YOUR OBJECTIVE:
Return exactly the lines of the records below, starting at the line that contains "- by elim: (enum 'I_N) => //= j s ->." and ending at the line that contains "- move=> j; apply/sorted_colP; split.", with both of those lines kept.

DATA IN THIS EXERCISE:
--------------------

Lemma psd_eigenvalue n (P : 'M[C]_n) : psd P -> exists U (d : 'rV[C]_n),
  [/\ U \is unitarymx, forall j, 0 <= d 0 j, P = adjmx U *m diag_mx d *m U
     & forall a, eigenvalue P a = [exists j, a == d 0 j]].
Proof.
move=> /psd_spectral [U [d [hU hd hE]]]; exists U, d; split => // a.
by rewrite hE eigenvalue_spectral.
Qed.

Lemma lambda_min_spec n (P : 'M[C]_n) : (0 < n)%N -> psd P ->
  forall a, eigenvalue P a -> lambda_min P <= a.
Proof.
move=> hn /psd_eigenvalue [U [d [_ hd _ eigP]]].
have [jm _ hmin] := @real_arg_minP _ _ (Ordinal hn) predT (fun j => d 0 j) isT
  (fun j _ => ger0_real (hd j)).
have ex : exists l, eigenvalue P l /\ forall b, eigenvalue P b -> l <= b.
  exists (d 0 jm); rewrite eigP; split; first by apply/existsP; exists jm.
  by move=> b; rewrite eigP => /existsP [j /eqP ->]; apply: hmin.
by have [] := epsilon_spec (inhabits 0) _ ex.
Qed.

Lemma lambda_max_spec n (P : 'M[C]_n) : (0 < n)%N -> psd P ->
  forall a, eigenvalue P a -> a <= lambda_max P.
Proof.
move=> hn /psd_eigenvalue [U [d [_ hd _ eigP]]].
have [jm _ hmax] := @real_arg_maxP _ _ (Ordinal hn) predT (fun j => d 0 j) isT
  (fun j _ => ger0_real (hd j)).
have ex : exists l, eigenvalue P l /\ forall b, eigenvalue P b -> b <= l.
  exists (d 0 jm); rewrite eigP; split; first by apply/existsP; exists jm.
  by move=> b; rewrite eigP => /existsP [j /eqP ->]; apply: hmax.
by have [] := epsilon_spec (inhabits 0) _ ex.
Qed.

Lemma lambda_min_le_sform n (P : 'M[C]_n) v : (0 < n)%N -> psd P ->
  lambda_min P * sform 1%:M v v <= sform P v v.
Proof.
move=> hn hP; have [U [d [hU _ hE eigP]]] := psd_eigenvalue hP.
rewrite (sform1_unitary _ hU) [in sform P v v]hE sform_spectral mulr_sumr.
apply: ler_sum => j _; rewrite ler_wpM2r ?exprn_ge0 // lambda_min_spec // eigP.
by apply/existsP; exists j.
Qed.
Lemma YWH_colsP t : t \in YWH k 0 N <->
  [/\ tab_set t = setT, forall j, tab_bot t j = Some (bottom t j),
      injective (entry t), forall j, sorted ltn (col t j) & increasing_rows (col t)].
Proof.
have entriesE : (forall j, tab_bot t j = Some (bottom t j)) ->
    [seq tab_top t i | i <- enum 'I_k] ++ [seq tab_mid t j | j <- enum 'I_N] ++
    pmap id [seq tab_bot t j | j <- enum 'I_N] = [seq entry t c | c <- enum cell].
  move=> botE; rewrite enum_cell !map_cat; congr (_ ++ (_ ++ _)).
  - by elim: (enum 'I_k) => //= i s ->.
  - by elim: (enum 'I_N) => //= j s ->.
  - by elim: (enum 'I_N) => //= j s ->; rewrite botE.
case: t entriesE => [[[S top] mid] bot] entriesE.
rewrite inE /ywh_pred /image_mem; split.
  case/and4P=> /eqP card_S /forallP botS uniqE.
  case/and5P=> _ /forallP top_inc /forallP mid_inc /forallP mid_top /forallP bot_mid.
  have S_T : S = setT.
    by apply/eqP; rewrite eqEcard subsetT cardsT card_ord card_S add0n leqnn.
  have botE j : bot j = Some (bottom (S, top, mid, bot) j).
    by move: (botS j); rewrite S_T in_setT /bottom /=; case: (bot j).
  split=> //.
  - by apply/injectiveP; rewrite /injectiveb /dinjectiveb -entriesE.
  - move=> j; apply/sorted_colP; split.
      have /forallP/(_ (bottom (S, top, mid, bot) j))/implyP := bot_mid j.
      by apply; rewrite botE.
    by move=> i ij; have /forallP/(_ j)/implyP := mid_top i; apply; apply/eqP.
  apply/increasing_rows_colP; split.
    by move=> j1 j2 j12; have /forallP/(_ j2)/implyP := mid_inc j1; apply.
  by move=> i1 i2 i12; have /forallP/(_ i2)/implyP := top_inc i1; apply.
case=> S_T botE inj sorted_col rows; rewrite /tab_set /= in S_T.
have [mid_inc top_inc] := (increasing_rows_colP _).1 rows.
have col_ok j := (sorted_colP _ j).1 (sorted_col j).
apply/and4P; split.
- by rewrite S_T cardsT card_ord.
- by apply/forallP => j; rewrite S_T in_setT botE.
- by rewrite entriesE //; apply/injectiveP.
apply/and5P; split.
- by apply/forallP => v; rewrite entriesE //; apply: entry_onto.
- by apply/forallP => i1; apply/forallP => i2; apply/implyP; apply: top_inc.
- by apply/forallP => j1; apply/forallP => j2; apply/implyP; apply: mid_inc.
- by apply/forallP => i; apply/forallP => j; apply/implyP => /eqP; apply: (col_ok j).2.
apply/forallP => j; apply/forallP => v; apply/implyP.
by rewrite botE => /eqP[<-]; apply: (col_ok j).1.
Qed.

--------------------

TASK RESULT:
  - by elim: (enum 'I_N) => //= j s ->.
  - by elim: (enum 'I_N) => //= j s ->; rewrite botE.
case: t entriesE => [[[S top] mid] bot] entriesE.
rewrite inE /ywh_pred /image_mem; split.
  case/and4P=> /eqP card_S /forallP botS uniqE.
  case/and5P=> _ /forallP top_inc /forallP mid_inc /forallP mid_top /forallP bot_mid.
  have S_T : S = setT.
    by apply/eqP; rewrite eqEcard subsetT cardsT card_ord card_S add0n leqnn.
  have botE j : bot j = Some (bottom (S, top, mid, bot) j).
    by move: (botS j); rewrite S_T in_setT /bottom /=; case: (bot j).
  split=> //.
  - by apply/injectiveP; rewrite /injectiveb /dinjectiveb -entriesE.
  - move=> j; apply/sorted_colP; split.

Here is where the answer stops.